No criminal charges have been brought against any of the men, despite numerous written threats of prosecution. Their finances appear to have been frozen by executive action under anti-terrorist legislation. This is yet a further glaring example of the use of “anti-terror” powers against people who are not remotely terrorist.
More whistleblowers have been jailed under Obama than under all previous US Presidents combined. Even so, the US authorities seem wary of the publicity that might surround prosecution of these servicemen, who only spoke of the effect upon their own health of having repeatedly to carry out heartless and often untargeted killings.
So their lives are being destroyed in other ways. You will forgive me for recalling that I know how they feel because I have been through just the same thing myself.
When I blew the whistle on UK complicity in torture and extraordinary rendition, I received numerous written threats from the FCO under the Official Secrets Act, and for a while I lived in daily expectation of arrest. Still more hurtful were the constant denials from Jack Straw and his repeated assertion that the UK was never complicit in torture, that there was no such thing as extraordinary rendition, together with the frequent imputations to journalists and politicians that I was in poor mental health and an alcoholic. I never had my bank account suspended, but there were interventions with prospective employers that prevented my getting another job.

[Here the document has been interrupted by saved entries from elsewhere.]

(* Let $G$ be an abelian group and $K=G\oplus G$. Then every uniformly fully inert subgroup of $K$ is commensurable with some fully invariant subgroup of $K$.
   Context: All groups are additively written abelian groups. A subgroup $F$ of $K$ is fully invariant if $\phi(F)\subseteq F$ for every endomorphism $\phi$ of $K$. A subgroup $S$ of $K$ is uniformly fully inert if there is a fixed positive integer $m$ such that $(\phi(S)+S)/S$ has at most $m$ elements for every endomorphism $\phi$ of $K$. Subgroups $B,C$ are commensurable if both $(B+C)/B$ and $(B+C)/C$ are finite. *)

From mathcomp Require Import all_boot all_order all_algebra.
Set Implicit Arguments. Unset Strict Implicit. Unset Printing Implicit Defensive.
Import GRing.Theory.
Local Open Scope ring_scope.

Section AbGroups.
Variable K : zmodType.

Definition is_subgroup (S : K -> Prop) : Prop :=
  S 0 /\ (forall x y, S x -> S y -> S (x - y)).

Definition is_endo (phi : K -> K) : Prop :=
  forall x y, phi (x + y) = phi x + phi y.

Definition subg_sum (B C : K -> Prop) : K -> Prop :=
  fun x => exists b c, B b /\ C c /\ x = b + c.

Definition subg_image (phi : K -> K) (S : K -> Prop) : K -> Prop :=
  fun x => exists s, S s /\ x = phi s.

(* the quotient A/B (B a subgroup contained in A) has at most m elements:
   there are at most m elements of A whose cosets mod B cover A. *)
Definition quot_card_le (A B : K -> Prop) (m : nat) : Prop :=
  exists r : seq K, (size r <= m)%N /\ (forall y, y \in r -> A y) /\
    forall x, A x -> exists2 y, y \in r & B (x - y).

Definition quot_finite (A B : K -> Prop) : Prop :=
  exists m : nat, quot_card_le A B m.

Definition fully_invariant (F : K -> Prop) : Prop :=
  is_subgroup F /\ forall phi, is_endo phi -> forall x, F x -> F (phi x).

Definition uniformly_fully_inert (S : K -> Prop) : Prop :=
  is_subgroup S /\ exists m : nat, (0 < m)%N /\
    forall phi, is_endo phi -> quot_card_le (subg_sum (subg_image phi S) S) S m.

Definition commensurable (B C : K -> Prop) : Prop :=
  quot_finite (subg_sum B C) B /\ quot_finite (subg_sum B C) C.

End AbGroups.

From mathcomp Require Import all_boot all_order all_algebra zify boolp.
From Stdlib Require List.
Set Implicit Arguments. Unset Strict Implicit. Unset Printing Implicit Defensive.
Import GRing.Theory.
Local Open Scope ring_scope.

(* Let m bound the quotients (phi(S) + S)/S.  Call d in S orbit-finite when its
   orbit {phi d | phi in End(K)} meets only finitely many cosets of S; these
   elements form a subgroup Sfin. Neumann's lemma on coverings of a group
   by finitely many cosets, applied to the additive group End(K), shows that
   m + 1 elements of S pairwise incongruent modulo Sfin would be separated
   modulo S by a single endomorphism; hence |S/Sfin| <= m.
   Next pick d_1, d_2, ... in Sfin such that End(K) d_i is not contained in
   P_(i-1) = S + End(K) d_1 + ... + End(K) d_(i-1).  Among r(r+1)/2 proper
   subgroups of a group some element lies outside r of them; for the subgroups
   {phi | phi d_i in P_(i-1)} of a chain of length m(m+1)/2 this yields phi with
   phi d_i outside P_(i-1) for m indices i, and these phi d_i together with 0
   are m + 1 elements of phi(S) pairwise incongruent modulo S, which is
   impossible.  So some chain is maximal: its P contains End(K) Sfin and is
   finite over S, and the largest fully invariant subgroup F inside P satisfies
   S + F <= P and Sfin <= F, so F is commensurable with S. *)

Lemma subrACA (K : zmodType) (a b c e : K) : (a - b) - (c - e) = (a - c) - (b - e).
Proof. by rewrite !opprB addrACA [RHS]addrACA [- b + _]addrC. Qed.

Section Endomorphisms.
Variable K : zmodType.
Implicit Types f g : K -> K.

Lemma endo0 f : is_endo f -> f 0 = 0.
Proof. by move=> ef; apply/(addIr (f 0)); rewrite -ef !add0r. Qed.

Lemma endoN f : is_endo f -> forall x, f (- x) = - f x.
Proof. by move=> ef x; apply/eqP; rewrite -addr_eq0 -ef addNr endo0. Qed.

Lemma endoB f : is_endo f -> forall x y, f (x - y) = f x - f y.
Proof. by move=> ef x y; rewrite ef endoN. Qed.

Lemma endo_id : is_endo (@id K). Proof. by []. Qed.

Lemma endo_zero : is_endo (fun _ : K => 0). Proof. by move=> x y; rewrite addr0. Qed.

Lemma endo_add f g : is_endo f -> is_endo g -> is_endo (fun x => f x + g x).
Proof. by move=> ef eg x y; rewrite ef eg addrACA. Qed.

Lemma endo_sub f g : is_endo f -> is_endo g -> is_endo (fun x => f x - g x).
Proof. by move=> ef eg x y; rewrite ef eg opprD addrACA. Qed.

Lemma endo_comp f g : is_endo f -> is_endo g -> is_endo (fun x => f (g x)).
Proof. by move=> ef eg x y; rewrite eg ef. Qed.

End Endomorphisms.

Section Subgroups.
Variables (K : zmodType) (B : K -> Prop).
Hypothesis subB : is_subgroup B.

Lemma subg0 : B 0. Proof. by case: subB. Qed.

Lemma subgB x y : B x -> B y -> B (x - y). Proof. by case: subB => _; apply. Qed.

Lemma subgN x : B x -> B (- x).
Proof. by move=> Bx; rewrite -sub0r; apply: subgB => //; apply: subg0. Qed.

Lemma subgD x y : B x -> B y -> B (x + y).
Proof. by move=> Bx By; rewrite -[y]opprK; apply/subgB/subgN. Qed.

Lemma subg_sym x y : B (x - y) -> B (y - x).
Proof. by move=> Bxy; rewrite -opprB; apply: subgN. Qed.

Lemma subg_trans y x z : B (x - y) -> B (y - z) -> B (x - z).
Proof. by move=> Bxy Byz; rewrite -(subrKA y); apply: subgD. Qed.

End Subgroups.

Section Incongruence.
Variables (K : zmodType) (B : K -> Prop).
Hypothesis subB : is_subgroup B.

Definition incongruent (l : seq K) :=
  uniq l /\ {in l &, forall x y, B (x - y) -> x = y}.

Lemma incongruent_cons x l :
  (forall y, y \in l -> ~ B (x - y)) -> incongruent l -> incongruent (x :: l).
Proof.
move=> xl [ul inl]; split.
  by rewrite /= ul andbT; apply/negP => /xl; rewrite subrr; apply; apply: subg0.
move=> y z; rewrite !inE => /predU1P[-> | yl] /predU1P[-> | zl] // Byz.
- by case: (xl z zl).
- by case: (xl y yl); apply: subg_sym.
- exact: inl.
Qed.

Lemma incongruent_size_le_cover l R :
  incongruent l -> (forall x, x \in l -> exists2 r, r \in R & B (x - r)) ->
  (size l <= size R)%N.
Proof.
move=> [ul inl] cov.
pose rep x := nth 0 R (find (fun r => `[< B (x - r) >]) R).
have repP x : x \in l -> rep x \in R /\ B (x - rep x).
  move=> /cov [r rR Br]; have hasR : has (fun r => `[< B (x - r) >]) R.
    by apply/hasP; exists r => //; apply/asboolP.
  split; first by rewrite mem_nth // -has_find.
  by apply/asboolP; exact: (nth_find 0 hasR).
rewrite -(size_map rep); apply: uniq_leq_size.
  rewrite map_inj_in_uniq // => x y xl yl eq_rep; apply: inl => //.
  have [_ Bx] := repP x xl; have [_ By] := repP y yl.
  by apply: (subg_trans subB Bx); rewrite eq_rep; apply: subg_sym.
by move=> _ /mapP [x xl ->]; have [] := repP x xl.
Qed.

Lemma quot_card_le_of_incongruent A n :
  (forall l, (forall x, x \in l -> A x) -> incongruent l -> (size l <= n)%N) ->
  quot_card_le A B n.
Proof.
move=> bound; apply: contrapT => nq.
suff long k : exists l : seq K,
    [/\ forall x, x \in l -> A x, incongruent l & size l = k].
  by have [l [lA il szl]] := long n.+1; have := bound l lA il; rewrite szl ltnn.
elim: k => [|k [l [lA il szl]]]; first by exists [::].
have [x Ax xl] : exists2 x, A x & forall y, y \in l -> ~ B (x - y).
  apply: contrapT => nx; apply: nq; exists l; split; first exact: bound.
  split => // x Ax; apply: contrapT => nxl; apply: nx; exists x => // y yl Bxy.
  by apply: nxl; exists y.
exists (x :: l); split; [|exact: incongruent_cons|by rewrite /= szl].
by move=> y /predU1P[-> | /lA].
Qed.

Lemma quot_finite_of_cover A (R : seq K) :
  (forall x, A x -> exists2 r, r \in R & B (x - r)) -> quot_finite A B.
Proof.
move=> cov; exists (size R); apply: quot_card_le_of_incongruent => l lA il.
by apply: incongruent_size_le_cover il _ => x /lA /cov.
Qed.

Lemma incongruent_size_le_quot A m l :
  quot_card_le A B m -> (forall x, x \in l -> A x) -> incongruent l ->
  (size l <= m)%N.
Proof.
move=> [R [szR [_ cov]]] lA il; apply: leq_trans szR.
by apply: incongruent_size_le_cover il _ => x /lA /cov.
Qed.

End Incongruence.

Lemma quot_card_le_sum (K : zmodType) (A B C : K -> Prop) m :
  is_subgroup C -> (forall x, B x -> C x) ->
  quot_card_le A B m -> quot_card_le (subg_sum A C) C m.
Proof.
move=> subC BC [R [szR [RA cov]]]; exists R; split => //; split.
  by move=> y /RA Ay; exists y, 0; split; [|split; [exact: subg0|rewrite addr0]].
move=> _ [a [c [Aa [Cc ->]]]]; have [r rR Bar] := cov a Aa.
by exists r => //; rewrite addrAC; apply: (subgD subC (BC _ Bar) Cc).
Qed.

Section EndoCore.
Variables (K : zmodType) (P : K -> Prop).

Definition endo_core x := forall f, is_endo f -> P (f x).

Lemma endo_core_sub x : endo_core x -> P x.
Proof. by move/(_ _ (@endo_id K)). Qed.

Lemma endo_core_fully_invariant : is_subgroup P -> fully_invariant endo_core.
Proof.
move=> subP; split; first split.
- by move=> f ef; rewrite endo0 //; apply: subg0.
- by move=> x y Px Py f ef; rewrite endoB //; exact: (subgB subP (Px f ef) (Py f ef)).
by move=> g eg x Px f ef; apply: (Px (fun y => f (g y))); apply: endo_comp.
Qed.

End EndoCore.

Section Avoidance.
Variable K : zmodType.
Implicit Types (f g : K -> K) (U : (K -> K) -> Prop) (Us : seq ((K -> K) -> Prop)).

Definition endo_subgroup U := forall f g h, is_endo f -> is_endo g ->
  (forall x, h x = f x - g x) -> U f -> U g -> U h.

Definition proper_endo_subgroup U := endo_subgroup U /\ exists2 f, is_endo f & ~ U f.

Definition avoids f U : bool := ~~ `[< U f >].

Lemma count_avoids_filter f g Us :
  (count (avoids g) [seq U <- Us | `[< U f >]] <= count (avoids g) Us)%N.
Proof. by rewrite count_filter; apply: sub_count => U /andP[]. Qed.

Lemma count_avoids_le f g Us : List.Forall (fun U => ~ U f -> ~ U g) Us ->
  (count (avoids f) Us <= count (avoids g) Us)%N.
Proof.
elim=> //= U {}Us fg _ IH; apply: leq_add IH.
by rewrite /avoids; case: asboolP => Uf; case: asboolP => // Ug; case: fg.
Qed.

Lemma Forall_filter_holds (Q : ((K -> K) -> Prop) -> Prop) f Us :
  List.Forall Q Us ->
  List.Forall (fun U => Q U /\ U f) [seq U <- Us | `[< U f >]].
Proof.
elim=> //= U {}Us QU _ IH; case: asboolP => // Uf.
by apply: List.Forall_cons.
Qed.

Lemma avoid_proper_endo_subgroups r Us :
  List.Forall proper_endo_subgroup Us -> ('C(r.+1, 2) <= size Us)%N ->
  exists2 f, is_endo f & (r <= count (avoids f) Us)%N.
Proof.
elim: r Us => [|r IH] Us; first by move=> _ _; exists id => //; apply: endo_id.
(* Take f1 outside U1.  Unless f1 already avoids r of the others, at least
   'C(r.+1, 2) of them contain f1; an f' avoiding r of those avoids them still
   after adding f1, and one of f', f' + f1 lies outside U1. *)
case: Us => [|U1 Us]; first by rewrite binS bin1 addnS.
move=> /List.Forall_cons_iff [[subU1 [f1 ef1 nf1]] HUs].
rewrite binS bin1 /= => szUs.
have [many|few] := leqP r (count (avoids f1) Us).
  by exists f1 => //=; rewrite /avoids; case: asboolP.
pose In := [seq U <- Us | `[< U f1 >]].
have szIn : ('C(r.+1, 2) <= size In)%N.
  have : (size In + count (avoids f1) Us)%N = size Us.
    by rewrite size_filter; exact: count_predC.
  lia.
have HIn := Forall_filter_holds f1 HUs.
have [f' ef' cf'] : exists2 f', is_endo f' & (r <= count (avoids f') In)%N.
  by apply: IH szIn; apply: List.Forall_impl HIn => U [].
have cIn g : (count (avoids g) In <= count (avoids g) Us)%N.
  exact: count_avoids_filter.
have [u1|nu1] := pselect (U1 f'); last first.
  exists f' => //=; rewrite /avoids; case: asboolP => // _.
  by rewrite add1n ltnS; apply: leq_trans cf' (cIn _).
exists (fun x => f' x + f1 x); first exact: endo_add.
rewrite /= {1}/avoids; case: asboolP => [u|_].
  case: nf1; apply: subU1 u u1 => //; first exact: endo_add.
  by move=> x; rewrite [f' x + _]addrC addrK.
rewrite add1n ltnS; apply: leq_trans (cIn _); apply: leq_trans cf' _.
apply: count_avoids_le; apply: List.Forall_impl HIn => U [[subU _] Uf1] nUf' Uf.
apply: nUf'; apply: subU Uf Uf1 => //; first exact: endo_add.
by move=> x; rewrite addrK.
Qed.
(* Let $Z$ be a compact Hausdorff space containing (as a subspace) a homeomorphic copy of the one-point compactification of an uncountable discrete space, and let $n\in\mathbb{Z}_{>0}$. Then for every $d$ with $2\le d\le n$, the subspace $$Z_{(d)}:=\{\mathbf z\subseteq Z:\ |\mathbf z|=d\}\subseteq Z_{[n]}$$ (the stratum of $Z_{[n]}$ consisting of the points whose fiber under $\pi:Z_{[n]}^{\subseteq}\to Z_{[n]}$ has exactly $d$ elements) is not a normal topological space.
   Context: $Z_{[n]}:=\{\mathbf z\subseteq Z:\ 1\le|\mathbf z|\le n\}$ carries the quotient topology from $Z^n$ via $(z_i)_i\mapsto\{z_i\}_i$ (equivalently the Vietoris topology); $Z_{[n]}^{\subseteq}:=\{(z,x)\in Z\times Z_{[n]}: z\in x\}$ and $\pi$ is the second projection. A space is normal if any two disjoint closed subsets have disjoint open neighborhoods. *)

From HB Require Import structures.
From mathcomp Require Import all_boot all_order all_algebra.
From mathcomp Require Import all_classical all_reals all_analysis.
Set Implicit Arguments. Unset Strict Implicit. Unset Printing Implicit Defensive.
Import Order.TTheory GRing.Theory Num.Theory.
Local Open Scope classical_set_scope.
Local Open Scope card_scope.

Definition embedding {X Y : topologicalType} (f : X -> Y) : Prop :=
  [/\ injective f, continuous f &
      forall U : set X, open U -> exists V : set Y, open V /\ f @` U = V `&` range f].

(* Z_[n] = { z subset of Z : 1 <= |z| <= n } *)
Definition Zbr (Z : Type) (n : nat) : set (set Z) :=
  [set A | A !=set0 /\ A #<= `I_n].
Arguments Zbr : clear implicits.

(* The quotient map Z^n -> Z_[n], (z_i)_i |-> {z_i}_i. *)
Definition symq (Z : Type) (n : nat) (f : 'I_n -> Z) : set Z := range f.

(* Open subsets of Z_[n] for the quotient topology from Z^n (product topology). *)
Definition Zbr_open (Z : topologicalType) (n : nat) (W : set (set Z)) : Prop :=
  W `<=` Zbr Z n /\ @open {ptws 'I_n -> Z} (@symq Z n @^-1` W).

Definition Zstr (Z : Type) (d : nat) : set (set Z) := [set A | A #= `I_d].
Arguments Zstr : clear implicits.

Definition Zstr_open (Z : topologicalType) (n d : nat) (U : set (set Z)) : Prop :=
  exists W, @Zbr_open Z n W /\ U = W `&` Zstr Z d.

Definition Zstr_closed (Z : topologicalType) (n d : nat) (C : set (set Z)) : Prop :=
  C `<=` Zstr Z d /\ @Zstr_open Z n d (Zstr Z d `\` C).

Definition Zstr_normal (Z : topologicalType) (n d : nat) : Prop :=
  forall A B : set (set Z), @Zstr_closed Z n d A -> @Zstr_closed Z n d B ->
    A `&` B = set0 ->
    exists U V, [/\ @Zstr_open Z n d U, @Zstr_open Z n d V, A `<=` U, B `<=` V &
                    U `&` V = set0].

(* Write d = k + 2 and fix an injective sequence phi in the uncountable
   discrete space X; put c_j := e (phi j) and w := e (infinity).  The sets
   F1 := e ({infinity} u range phi) and
   F2 := e ({infinity} u {phi j | j < k} u (X \ range phi)) are closed in Z and
   meet in only k + 1 points, so the d-element subsets of F1 and those of F2 form
   disjoint closed sets A, B of Z_(d).  Suppose U, V are disjoint open
   neighbourhoods of A and B.  For m >= k the point {w, c_m, c_0, ..., c_{k-1}}
   lies in A, and since w is the limit of e (x) along the cofinite filter of X,
   replacing w by e x keeps it in (the open set of Z_[n] defining) U for all x
   outside a finite set C_m.  Likewise, for y outside range phi the point
   {w, e y, c_0, ..., c_{k-1}} of B yields a finite set C'_y.  By uncountability
   some y avoids range phi and every C_m, and some m >= k has phi m outside C'_y;
   then {e y, c_m, c_0, ..., c_{k-1}} lies in both U and V. *)

From HB Require Import structures.
From mathcomp Require Import all_boot all_order all_algebra.
From mathcomp Require Import all_classical all_reals all_analysis.
From mathcomp Require Import zify.
Set Implicit Arguments. Unset Strict Implicit. Unset Printing Implicit Defensive.
Local Open Scope classical_set_scope.
Local Open Scope card_scope.
(* Write n = l - k. From beta in B_k pick b >= beta, Q in QQ with value g in
   Gamma and b + k g in delta^L; then b - n g lies in B_l.  Sharpness of alpha
   gives h in H with b - n g < alpha + h, so beta - alpha < n g + h.  Either
   h <= 0, or g + h lies in the lower cut of gamma_QQ by H-invariance; in both
   cases some R in QQ has gamma_R >= g, g + h, hence n g + h <= n gamma_R and
   lambda < gamma_R. *)

Section OrderedGroup.
Variables (L : lmodType rat) (le : rel L).
Hypothesis hle : ordered_group le.

Lemma leL_add x y u w : le x y -> le u w -> le (x + u) (y + w).
Proof.
case: hle => _ _ le_trans _ le_add2r lexy leuw.
apply: (le_trans (y + u)); first exact: le_add2r.
by rewrite addrC [y + w]addrC; apply: le_add2r.
Qed.

Lemma leL_muln2 x y n : le x y -> le (x *+ n) (y *+ n).
Proof.
move=> lexy; elim: n => [|n IHn]; first by rewrite !mulr0n; case: hle.
by rewrite !mulrS; apply: leL_add.
Qed.

Lemma ltL_leL_trans x y z : ltL le x y -> le y z -> ltL le x z.
Proof.
case: hle => _ le_anti le_trans _ _ /andP [nexy lexy] leyz.
apply/andP; split; last exact: le_trans leyz.
apply: contra nexy => /eqP exz; move: leyz; rewrite -exz => leyx.
by apply/eqP/le_anti; rewrite lexy leyx.
Qed.

Lemma leL_ltL_trans x y z : le x y -> ltL le y z -> ltL le x z.
Proof.
case: hle => _ le_anti le_trans _ _ lexy /andP [neyz leyz].
apply/andP; split; last exact: le_trans leyz.
apply: contra neyz => /eqP exz; move: lexy; rewrite exz => lezy.
by apply/eqP/le_anti; rewrite leyz lezy.
Qed.

Lemma ltL_add2r x y z : ltL le x y -> ltL le (x + z) (y + z).
Proof.
case: hle => _ _ _ _ le_add2r /andP [nexy lexy].
by apply/andP; split; [apply: contra nexy => /eqP /addIr -> | exact: le_add2r].
Qed.

Lemma ltL_muln2_inv x y n : ltL le (x *+ n) (y *+ n) -> ltL le x y.
Proof.
case: hle => _ le_anti _ le_total _ /andP [nexyn lexyn].
have nexy : x != y by apply: contra nexyn => /eqP ->.
rewrite /ltL nexy /=; case/orP: (le_total x y) => // leyx.
case/eqP: nexyn; apply: le_anti; rewrite lexyn /=.
exact: leL_muln2.
Qed.

Lemma ltL_divn x y n : (0 < n)%N ->
  ltL le x (y *+ n) -> ltL le ((n%:R^-1 : rat) *: x) y.
Proof.
move=> n_gt0 ltxy; apply: (@ltL_muln2_inv _ _ n).
by rewrite -scaler_nat scalerA mulfV ?scale1r // pnatr_eq0 -lt0n.
Qed.

End OrderedGroup.

Section DivisibleHull.
Variables (K : fieldType) (L : lmodType rat) (le : rel L) (v : K -> option L).
Hypothesis hv : is_valuation le v.

Lemma valuation_exp a s j : v a = Some s -> v (a ^+ j) = Some (s *+ j).
Proof.
case: hv => _ v1 vM _ va; elim: j => [|j IHj]; first by rewrite expr0 mulr0n.
by rewrite exprS vM va IHj /= mulrS.
Qed.

Lemma Gam_add x y : Gam v x -> Gam v y -> Gam v (x + y).
Proof.
case: hv => _ _ vM _ [n [n_gt0 [a va]]] [m [m_gt0 [b vb]]].
exists (n * m)%N; split; first by rewrite muln_gt0 n_gt0.
exists (a ^+ m * b ^+ n); rewrite vM (valuation_exp m va) (valuation_exp n vb) /=.
by rewrite mulrnDl -!mulrnA mulnC.
Qed.

Lemma Gam_opp x : Gam v x -> Gam v (- x).
Proof.
case: hv => v0 v1 vM _ [n [n_gt0 [a va]]]; exists n; split => //.
have a_neq0 : a != 0 by apply/eqP => a0; move: va; rewrite a0 v0.
exists a^-1; have := vM a a^-1; rewrite mulfV // v1 va.
case: (v a^-1) => //= y [] xy0; congr Some.
by rewrite mulNrn; apply/eqP; rewrite -addr_eq0 addrC xy0.
Qed.
Lemma cov_Y_Wdm t : Covar P (Y t) (Wdm t) =
  \sum_(g <- Gs) pg P G g * (tdev TT g t * cCov P G g (Y t) D)
  + \sum_(g <- Gs) \sum_(k <- Gs | (g < k)%N) pg P G g * pg P G k *
      ((tdev TT g t * m g - tdev TT k t * m k) * (cE P G g (Y t) - cE P G k (Y t))).
Proof.
rewrite total_covariance; [|exact: L2_L1 | exact: Wdm_L1 | exact: Wdm_mul_L1].
congr (_ + _).
  apply: eq_bigr => g _.
  have hY : forall w, G w = g -> Y t w = 1 * Y t w by move=> w _; rewrite mul1r.
  have hW : forall w, G w = g -> Wdm t w = tdev TT g t * D w by move=> w <-.
  by rewrite (cCov_cohort_scale (HY2 t) HD2 hY hW) mul1r.
apply: eq_bigr => g _; apply: eq_bigr => k _.
by rewrite !cE_Wdm; ring.
Qed.

Lemma var_Wdm t : Covar P (Wdm t) (Wdm t) =
  \sum_(g <- Gs) pg P G g * (tdev TT g t ^+ 2 * cVar P G g D)
  + \sum_(g <- Gs) \sum_(k <- Gs | (g < k)%N) pg P G g * pg P G k *
      (tdev TT g t * m g - tdev TT k t * m k) ^+ 2.
Proof.
rewrite total_covariance; [|exact: Wdm_L1 | exact: Wdm_L1 | exact: Wdm_sq_L1].
congr (_ + _).
  apply: eq_bigr => g _.
  have hW : forall w, G w = g -> Wdm t w = tdev TT g t * D w by move=> w <-.
  by rewrite (cCov_cohort_scale HD2 HD2 hW hW) expr2.
apply: eq_bigr => g _; apply: eq_bigr => k _.
by rewrite !cE_Wdm expr2.
Qed.

Lemma Yavg_contrastE (a b a' b' : nat) : (1 <= a)%N -> (a <= b.+1)%N ->
  (b <= TT)%N -> (1 <= a')%N -> (a' <= b'.+1)%N -> (b' <= TT)%N ->
  (fun w => Yavg Y a b w - Yavg Y a' b' w)
  = (fun w => \sum_(1 <= t < TT.+1) (win a b t - win a' b' t) * Y t w).
Proof.
move=> a1 ab bT a'1 a'b' b'T; apply/funext => w.
rewrite /Yavg !(window_avg (fun t => Y t w) TT) // -sumrB.
by apply: eq_bigr => t _; rewrite mulrBl.
Qed.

Still, I had it easy. Chelsea Manning will celebrate her birthday in jail on 17 December.
It is worth recalling what these drone operators told us:
Bryant said the killing of civilians by drone is exacerbating the problem of terrorism. “We kill four and create 10 [militants],” Bryant said. “If you kill someone’s father, uncle or brother who had nothing to do with anything, their families are going to want revenge.”
The Obama administration has gone to great lengths to keep details of the drone program secret, but in their statements today the former operators opened up about the culture that has developed among those responsible for carrying it out. Haas said operators become acculturated to denying the humanity of the people on their targeting screens. “There was a much more detached outlook about who these people were we were monitoring,” he said. “Shooting was something to be lauded and something we should strive for.”
The deaths of children and other non-combatants in strikes was rationalized by many drone operators, Haas said. As a flight instructor, Haas claimed to have been non-judicially reprimanded by his superiors for failing a student who had expressed “bloodlust,” an overwhelming eagerness to kill.
Haas also described widespread alcohol and drug abuse among drone pilots. Drone operators, he said, would frequently get intoxicated using bath salts and synthetic marijuana to avoid possible drug testing and in an effort to “bend that reality and try to picture yourself not being there.” Haas said that he knew at least a half-dozen people in his unit who were using bath salts and that drug use had “impaired” them during missions.